The company expects fourth-quarter sales to rise in the low- to mid-single digits, with same-store sales at Famous flat to up in the low single digits.
Shares of Brown closed at $10.47 last Tuesday on the New York Stock Exchange.
Finally, at Genesco, President and CEO Bob Dennis described the back-to-school season as “choppy” and said that while “October showed good signs of continued consumer recovery,” November has so far been weaker than expected. Genesco forecast fourth-quarter comps to be flat to slightly positive and EPS is expected at $1.07 to $1.13, below analysts’ estimates at the time for $1.15.
Dennis said he expects the trend of consumers shopping closer to need to “play in our favor through the holidays.” He projected “a fairly muted consumer recovery tied to slow improvements in unemployment over the course of 2010.”
The company said last week that third-quarter earnings were $11.4 million, or 50 cents a diluted share, which compared with a profit of $9 million, or 43 cents, the year prior. Results in the most recent quarter included pre-tax charges related to asset impairments.
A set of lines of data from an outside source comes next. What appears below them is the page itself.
Definition simplicial_branch (I : finType) (J : {set I}) (g : I -> {set T}) (i0 : I) : Prop :=
  {in J &, forall j k, j != i0 -> k != i0 -> j != k ->
     adj (g i0) (g j) -> adj (g i0) (g k) -> adj (g j) (g k)}.

Lemma simplicial_branch_at (I : finType) (J : {set I}) (g : I -> {set T}) U v i0 :
  simplicial e U v -> {in J, forall i, g i \subset U} ->
  {in J &, forall i j, i != j -> [disjoint g i & g j]} ->
  g i0 \subset [set v] -> simplicial_branch J g i0.
Proof.
move=> sv gU dJ /subsetP gv j k jJ kJ _ _ jk /adjP[x [y [/gv/set1P-> yj vy]]].
case/adjP=> x' [z [/gv/set1P-> zk vz]].
apply: (simplicial_nbrs_adj sv (gU j jJ) (gU k kJ) (dJ j k jJ kJ jk)); first by exists y.
by exists z.
Qed.

Lemma exists_simplicial_branch (I : finType) (J : {set I}) (g : I -> {set T}) :
  J != set0 -> {in J, forall i, g i != set0 /\ cut_connected (g i)} ->
  {in J &, forall i j, i != j -> [disjoint g i & g j]} ->
  exists2 i0, i0 \in J & simplicial_branch J g i0.
Proof.
have [n] := ubnP (\sum_(i in J) #|g i|); elim: n g => // n IHn g ltgn J0 gJ dJ.
set U := \bigcup_(i in J) g i.
have gU i : i \in J -> g i \subset U by move=> iJ; apply: bigcup_sup.
have [v sv] : exists v, simplicial e U v.
  apply: exists_simplicial => //; have [i iJ] := set0Pn _ J0.
  have [/set0Pn[x xi] _] := gJ i iJ; apply/set0Pn; exists x.
  exact: subsetP (gU i iJ) x xi.
have /bigcupP[i0 i0J vi0] := sv.1; have [_ ci0] := gJ i0 i0J.
have [Av0|Av0] := eqVneq (g i0 :\ v) set0.
  by exists i0 => //; apply: (simplicial_branch_at sv gU dJ); rewrite -setD_eq0 Av0.
have [w wAv vw] := cut_connected_nbr ci0 vi0 Av0.
pose g' i := if i == i0 then g i0 :\ v else g i.
have adj' : {in J &, forall a b, a != b -> adj (g' a) (g' b) = adj (g a) (g b)}.
  have adj_i0 b : b \in J -> b != i0 -> adj (g i0 :\ v) (g b) = adj (g i0) (g b).
    move=> bJ bi0; apply: (adj_delete_simplicial sv (gU i0 i0J) (gU b bJ)) wAv vw.
    by apply: dJ; rewrite // eq_sym.
  move=> a b aJ bJ ab; rewrite /g'.
  case: (eqVneq a i0) => [ai0|ai0]; case: (eqVneq b i0) => [bi0|bi0] //.
  - by rewrite ai0 bi0 eqxx in ab.
  - by rewrite ai0 adj_i0.
  - by rewrite adj_sym adj_i0 // adj_sym bi0.
have [||||i1 i1J si1] := IHn g'.
- rewrite (bigD1 i0 i0J) /= /g' eqxx (eq_bigr (fun i => #|g i|)).
    by move: ltgn; rewrite (bigD1 i0 i0J) /= (cardsD1 v (g i0)) vi0 /=; lia.
  by move=> i /andP[_ /negbTE ->].
- exact: J0.
- move=> i iJ; rewrite /g'; case: (eqVneq i i0) => [_|_]; last exact: gJ.
  by split=> //; apply: cut_connected_delete (gU i0 i0J) sv vi0 ci0 Av0.
- move=> i j iJ jJ ij; rewrite /g'.
  case: (eqVneq i i0) => [ei|_]; case: (eqVneq j i0) => [ej|_].
  + by rewrite ei ej eqxx in ij.
  + by subst i; apply: disjointWl (subsetDl _ _) (dJ _ _ _ _ _).
  + by subst j; apply: disjointWr (subsetDl _ _) (dJ _ _ _ _ _).
  + exact: dJ.
exists i1 => // j k jJ kJ ji1 ki1 jk.
by rewrite -!adj' // 1?eq_sym //; apply: si1.
Qed.
(** The tangent space of the flag manifold at [c = V (J_1, ..., J_d) V^T]
    consists of the tuples [V ([A, J_k])_k V^T] with [A] skew; every tangent
    vector [Y] satisfies [Y_k c_k + c_k Y_k = 0], because [c_k(s)^2 = 1] along
    any curve in the manifold.  Matrices commuting with the symmetric
    involution [c_k] are trace-orthogonal to those anticommuting with it, so
    the projection of [T_k] is its anticommuting part [(T_k - c_k T_k c_k)/2].
    Since [X] and [Lambda] are skew, [(X Lambda)^T = Lambda X], and this part
    is [V [A, J_k] V^T] with [A = ((X Lambda)^T - X Lambda)/2]; reading
    [[A, J_k]] block by block gives the matrices [W_k].  Tangency of
    [V [A, J_k] V^T] is witnessed by the Cayley curve of [A]. *)

Section MatrixDerivative.
Context {R : realFieldType} {V : normedModType R}.

Lemma is_derive_mxP m p (M : V -> 'M[R]_(m, p)) x v dM :
  is_derive x v M dM <-> forall i j, is_derive x v (fun s => M s i j) (dM i j).
Proof.
split=> [[dMx <-] i j|dMij].
  apply: DeriveDef; first by move/derivable_mxP: dMx; apply.
  by rewrite derive_mx // mxE.
have dMx : derivable M x v by apply/derivable_mxP => i j; case: (dMij i j).
apply: DeriveDef => //; rewrite derive_mx //.
by apply/matrixP => i j; rewrite mxE derive_val.
Qed.

Lemma is_derive_big_sum (I : Type) (r : seq I) (P : pred I) (F : I -> V -> R)
    dF x v :
  (forall i, is_derive x v (F i) (dF i)) ->
  is_derive x v (fun s => \sum_(i <- r | P i) F i s) (\sum_(i <- r | P i) dF i).
Proof.
move=> dFi; rewrite -fct_sumE.
elim/big_ind2: _ => [|f df g dg|i _];
  [exact: is_derive_cst | exact: is_deriveD | exact: dFi].
Qed.
(* Let $K$ be a positive integer dividing $T$ and $\epsilon,\delta,\eta>0$, and suppose $\widehat{\mathcal K}:=\{\mathbf x\in\mathcal K:\ g_t(\mathbf x)\le0\ \forall t\in[T]\}\neq\emptyset$. Then the iterates $\{\mathbf x_m,\lambda_m\}$ of Algorithm PD (described in the context) satisfy, for every $\mathbf x\in\widehat{\mathcal K}$ and every $\lambda\ge0$, $$\sum_{t=1}^{T}\Big(\mathcal L_t(\mathbf x_{m(t)},\lambda)-\mathcal L_t(\mathbf x,\lambda_{m(t)})\Big)\le\frac{2R^2}{\eta}+\frac{\lambda^2}{2\eta}+G_f\sqrt{3\epsilon}\,T+G_f^2\eta KT+4G_g^2R^2\eta KT+G_g\sqrt{3\epsilon}\,K\sum_{m=1}^{T/K}\lambda_m+\big(\delta^2\eta^3K^2+G_g^2\eta K^2\big)\sum_{m=1}^{T/K}\lambda_m^2,$$ where $\mathcal L_t(\mathbf x,\lambda):=f_t(\mathbf x)+\lambda g_t^+(\mathbf x)-\frac{\delta\eta}{2}\lambda^2$.
   Context: Let $\mathcal K\subset\mathbb R^n$ be convex and compact with $\mathbf 0\in\mathcal K\subseteq R\mathcal B$, where $\mathcal B$ is the closed origin-centered unit Euclidean ball and $R>0$. There are $T$ rounds with an arbitrary sequence of functions $f_1,\dots,f_T,g_1,\dots,g_T:\mathbb R^n\to\mathbb R$, each convex on $R\mathcal B$, such that every subgradient of every $f_t$ (resp. $g_t$) at points of $R\mathcal B$ has Euclidean norm at most $G_f$ (resp. $G_g$). Write $g_t^+(\mathbf x)=\max\{g_t(\mathbf x),0\}$. At the end of round $t$ the functions $f_t,g_t$ are revealed to the algorithm. For a block size $K$ (a positive integer dividing $T$) let $m(t)=\lceil t/K\rceil$ and $\mathcal T_m=\{(m-1)K+1,\dots,mK\}$ for $m\in[T/K]$. $\Pi_{R\mathcal B}$ denotes Euclidean projection onto $R\mathcal B$. Linear optimization oracle (LOO) of a convex compact set $S$: given $\mathbf c\in\mathbb R^n$, returns some point of $\arg\min_{\mathbf x\in S}\mathbf c^\top\mathbf x$. Procedure FW$(\mathbf x_1,\mathbf y,\epsilon;S)$ with $\mathbf x_1\in S$: for $i=1,2,\dots$: call the LOO of $S$ to get $\mathbf v_i\in\arg\min_{\mathbf x\in S}(\mathbf x_i-\mathbf y)^\top\mathbf x$; if $(\mathbf x_i-\mathbf y)^\top(\mathbf x_i-\mathbf v_i)\le\epsilon$ or $\|\mathbf x_i-\mathbf y\|^2\le 3\epsilon$, return $\mathbf x_i$; otherwise let $\sigma_i\in\arg\min_{\sigma\in[0,1]}\|\mathbf y-\mathbf x_i-\sigma(\mathbf v_i-\mathbf x_i)\|^2$ and $\mathbf x_{i+1}=\mathbf x_i+\sigma_i(\mathbf v_i-\mathbf x_i)$. Procedure $\mathcal O_{AFP}(\mathbf y_1,\mathbf x_0,\epsilon,S)$ with $\mathbf x_0\in S$: if $\|\mathbf x_0-\mathbf y_1\|^2\le3\epsilon$ return $(\mathbf x_0,\mathbf y_1)$. Otherwise for $i=1,2,\dots$: $\mathbf x_i=$FW$(\mathbf x_{i-1},\mathbf y_i,\epsilon;S)$; if $\|\mathbf x_i-\mathbf y_i\|^2>3\epsilon$ set $\mathbf y_{i+1}=\mathbf y_i-\frac23(\mathbf y_i-\mathbf x_i)$, else return $(\mathbf x_i,\mathbf y_i)$. Algorithm PD (parameters $T,K,\epsilon,\delta,\eta>0$): set $\mathbf x_1=\widetilde{\mathbf y}_1$ to an arbitrary point of $\mathcal K$ and $\lambda_1=0$. For $m=1,\dots,T/K$: for each $t\in\mathcal T_m$, play $\mathbf x_m$, observe $f_t,g_t$, and pick $\nabla f_t\in\partial f_t(\mathbf x_m)$, $\nabla g_t^+\in\partial g_t^+(\mathbf x_m)$. Then set $\nabla_{m,\mathbf x}=\sum_{t\in\mathcal T_m}(\nabla f_t+\lambda_m\nabla g_t^+)$, $\nabla_{m,\lambda}=\sum_{t\in\mathcal T_m}(g_t^+(\mathbf x_m)-\delta\eta\lambda_m)$, $\mathbf y_{m+1}=\Pi_{R\mathcal B}[\widetilde{\mathbf y}_m-\eta\nabla_{m,\mathbf x}]$, $(\mathbf x_{m+1},\widetilde{\mathbf y}_{m+1})=\mathcal O_{AFP}(\mathbf y_{m+1},\mathbf x_m,\epsilon,\mathcal K)$, and $\lambda_{m+1}=\max\{0,\lambda_m+\eta\nabla_{m,\lambda}\}$. On round $t$ the played point is $\mathbf x_{m(t)}$.
   Formalization: Each fₜ and gₜ is convex on all of ℝⁿ rather than only on $R\mathcal B$, and subgradients are the global ones (h with fₜ(x) + hᵀ(z − x) ≤ fₜ(z) for every z ∈ ℝⁿ). The paper assumes this as well. *)

From HB Require Import structures.
From mathcomp Require Import all_boot all_order all_algebra.
From mathcomp Require Import all_classical all_reals all_analysis.
Set Implicit Arguments. Unset Strict Implicit. Unset Printing Implicit Defensive.
Import Order.TTheory GRing.Theory Num.Theory.
Import numFieldNormedType.Exports.
Local Open Scope classical_set_scope.
Local Open Scope ring_scope.

Section Defs.
Variables (R : realType) (n : nat).
Notation vec := 'rV[R]_n.

Definition dotv (u v : vec) : R := \sum_(i < n) u ord0 i * v ord0 i.
Definition enorm (u : vec) : R := Num.sqrt (dotv u u).

Definition ball_set (r : R) : set vec := [set x | enorm x <= r].

Definition convex_set_of (S : set vec) : Prop :=
  forall x y, S x -> S y -> forall th : R, 0 <= th <= 1 ->
    S (th *: x + (1 - th) *: y).

Definition convex_fun_on (S : set vec) (f : vec -> R) : Prop :=
  forall x y, S x -> S y -> forall th : R, 0 <= th <= 1 ->
    f (th *: x + (1 - th) *: y) <= th * f x + (1 - th) * f y.

Definition subgrad (f : vec -> R) (x h : vec) : Prop :=
  forall z, f x + dotv h (z - x) <= f z.

Definition posp (f : vec -> R) : vec -> R := fun x => Num.max (f x) 0.

(* v is a possible output of the linear optimization oracle of S on c *)
Definition LOO (S : set vec) (c v : vec) : Prop :=
  S v /\ forall z, S z -> dotv c v <= dotv c z.

Definition proj (S : set vec) (v p : vec) : Prop :=
  S p /\ forall z, S z -> enorm (v - p) <= enorm (v - z).

(* FW_run S eps x y out : some admissible run of FW(x, y, eps; S) returns out *)
Inductive FW_run (S : set vec) (eps : R) : vec -> vec -> vec -> Prop :=
| FW_stop x y v : LOO S (x - y) v ->
    (dotv (x - y) (x - v) <= eps \/ enorm (x - y) ^+ 2 <= 3 * eps) ->
    FW_run S eps x y x
| FW_step x y v sig out : LOO S (x - y) v ->
    ~ (dotv (x - y) (x - v) <= eps \/ enorm (x - y) ^+ 2 <= 3 * eps) ->
    0 <= sig <= 1 ->
    (forall s : R, 0 <= s <= 1 ->
       enorm (y - x - sig *: (v - x)) ^+ 2 <= enorm (y - x - s *: (v - x)) ^+ 2) ->
    FW_run S eps (x + sig *: (v - x)) y out ->
    FW_run S eps x y out.

(* main loop of O_AFP started at iteration i with x_{i-1} = xp, y_i = y;
   outputs (xo, yo) *)
Inductive AFP_loop (S : set vec) (eps : R) : vec -> vec -> vec -> vec -> Prop :=
| AFP_ret xp y x : FW_run S eps xp y x -> enorm (x - y) ^+ 2 <= 3 * eps ->
    AFP_loop S eps xp y x y
| AFP_cont xp y x xo yo : FW_run S eps xp y x -> 3 * eps < enorm (x - y) ^+ 2 ->
    AFP_loop S eps x (y - (2 / 3) *: (y - x)) xo yo ->
    AFP_loop S eps xp y xo yo.

(* AFP_run S eps y1 x0 xo yo : some admissible run of O_AFP(y1, x0, eps, S)
   returns (xo, yo) *)
Definition AFP_run (S : set vec) (eps : R) (y1 x0 xo yo : vec) : Prop :=
  (enorm (x0 - y1) ^+ 2 <= 3 * eps /\ xo = x0 /\ yo = y1) \/
  (3 * eps < enorm (x0 - y1) ^+ 2 /\ AFP_loop S eps x0 y1 xo yo).

End Defs.

(* m(t) = ceil(t / K) for t >= 1 *)
Definition mblk (K t : nat) : nat := (t.-1 %/ K).+1.

Definition lagr (R : realType) (n : nat) (delta eta : R)
  (ft gt : 'rV[R]_n -> R) (x : 'rV[R]_n) (lam : R) : R :=
  ft x + lam * posp gt x - delta * eta / 2 * lam ^+ 2.

(* (x, yt, y, lam, df, dg) is an admissible run of Algorithm PD:
   x m = x_m, yt m = tilde y_m, y m = y_m, lam m = lambda_m,
   df t, dg t = the subgradients picked at round t. *)
Definition PD_run (R : realType) (n : nat) (Kset : set 'rV[R]_n) (Rad : R)
  (T K : nat) (eps delta eta : R) (f g : nat -> 'rV[R]_n -> R)
  (x yt y : nat -> 'rV[R]_n) (lam : R^nat) (df dg : nat -> 'rV[R]_n) : Prop :=
  [/\ Kset (x 1%N), yt 1%N = x 1%N, lam 1%N = 0,
      (forall t, (1 <= t <= T)%N ->
         subgrad (f t) (x (mblk K t)) (df t) /\
         subgrad (posp (g t)) (x (mblk K t)) (dg t)) &
      (forall m, (1 <= m <= T %/ K)%N ->
        let gx := \sum_((m.-1 * K).+1 <= t < (m * K).+1) (df t + lam m *: dg t) in
        let gl := \sum_((m.-1 * K).+1 <= t < (m * K).+1)
                     (posp (g t) (x m) - delta * eta * lam m) in
        [/\ proj (@ball_set _ n Rad) (yt m - eta *: gx) (y m.+1),
            AFP_run Kset eps (y m.+1) (x m) (x m.+1) (yt m.+1) &
            lam m.+1 = Num.max 0 (lam m + eta * gl)])].

(* On block m the played point x_m is fixed, so the subgradient inequalities bound
   the K Lagrangian gaps by the linearisation <G_m, x_m - x> + (lambda - lambda_m) h_m,
   with G_m, h_m the primal and dual block gradients of the algorithm.  The primal
   update is a projected gradient step followed by O_AFP, which only moves tilde y
   closer to every point of K and returns x_{m+1} within sqrt(3 eps) of
   tilde y_{m+1}; the dual update is projected gradient ascent on [0, +oo).  Both
   telescope in the potential |tilde y_m - x|^2 + (lambda_m - lambda)^2 up to
   (eta/2)(|G_m|^2 + h_m^2), and |G_m|, |h_m| are controlled by G_f and G_g.
   The one non-elementary point is that subgradients of g_t^+ are bounded by G_g:
   this needs the existence of subgradients of convex functions on R^n (in the
   form of the max formula), proved by a coordinatewise Hahn-Banach extension. *)

From Pilot Require Import Defs.
From HB Require Import structures.
From mathcomp Require Import all_boot all_order all_algebra.
From mathcomp Require Import all_classical all_reals all_analysis.
From mathcomp Require Import ring lra zify.
Set Implicit Arguments. Unset Strict Implicit. Unset Printing Implicit Defensive.
Import Order.TTheory GRing.Theory Num.Theory.
Import numFieldNormedType.Exports.
Local Open Scope classical_set_scope.
Local Open Scope ring_scope.

Section Euclid.
Variables (R : realType) (n : nat).
Implicit Types (u v w : 'rV[R]_n) (a : R).
Local Notation ball r := (@ball_set R n r).

Lemma dotvC u v : dotv u v = dotv v u.
Proof. by apply: eq_bigr => i _; rewrite mulrC. Qed.

Lemma dotvDl u v w : dotv (u + v) w = dotv u w + dotv v w.
Proof. by rewrite /dotv -big_split; apply: eq_bigr => i _; rewrite mxE mulrDl. Qed.

Lemma dotvZl a u v : dotv (a *: u) v = a * dotv u v.
Proof. by rewrite /dotv mulr_sumr; apply: eq_bigr => i _; rewrite mxE mulrA. Qed.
On an adjusted basis, earnings from continuing operations were $12.3 million, or 53 cents, compared with $9.5 million, or 43 cents, the prior year. On that basis, analysts were expecting a profit of 44 cents.
Quarterly net revenues rose 1 percent to $390.3 million, and comp-store sales fell 2 percent.
By division, Journeys Group sales fell to $198 million from $201 million, with comps down 2 percent. At its 55-unit Shi by Journeys division, comps were down 3 percent, and footwear unit comps fell 12.3 percent. Executives added that they do not plan to open more Shi units “until we see more sales momentum.”
The firm, which in early November acquired Sports Fan-Attic, a specialty retailer of licensed apparel accessories and novelties, said its Underground Station division saw revenues fall by $2 million, to $22 million, and that it had a 6 percent decrease in comps. The division will continue to close weak stores.
Johnston & Murphy sales fell to $40 million from $42 million, while revenues in Genesco’s licensed brands division, which includes Dockers, fell to $24 million from $30 million. Genesco said it recently launched a line of shoes under the brand Joe by Joseph Aboud, to be distributed exclusively at JCPenney.
The company upped its full-year EPS guidance to $1.78 to $1.84, versus a prior outlook for $1.70 to $1.80. Analysts last week were expecting EPS of $1.75. Full-year revenues are seen at $1.58 billion, higher than analysts’ projections for $1.56 billion.
For fiscal 2011, the firm forecast EPS of $2 to $2.10, ahead of Wall Street estimates for $1.99.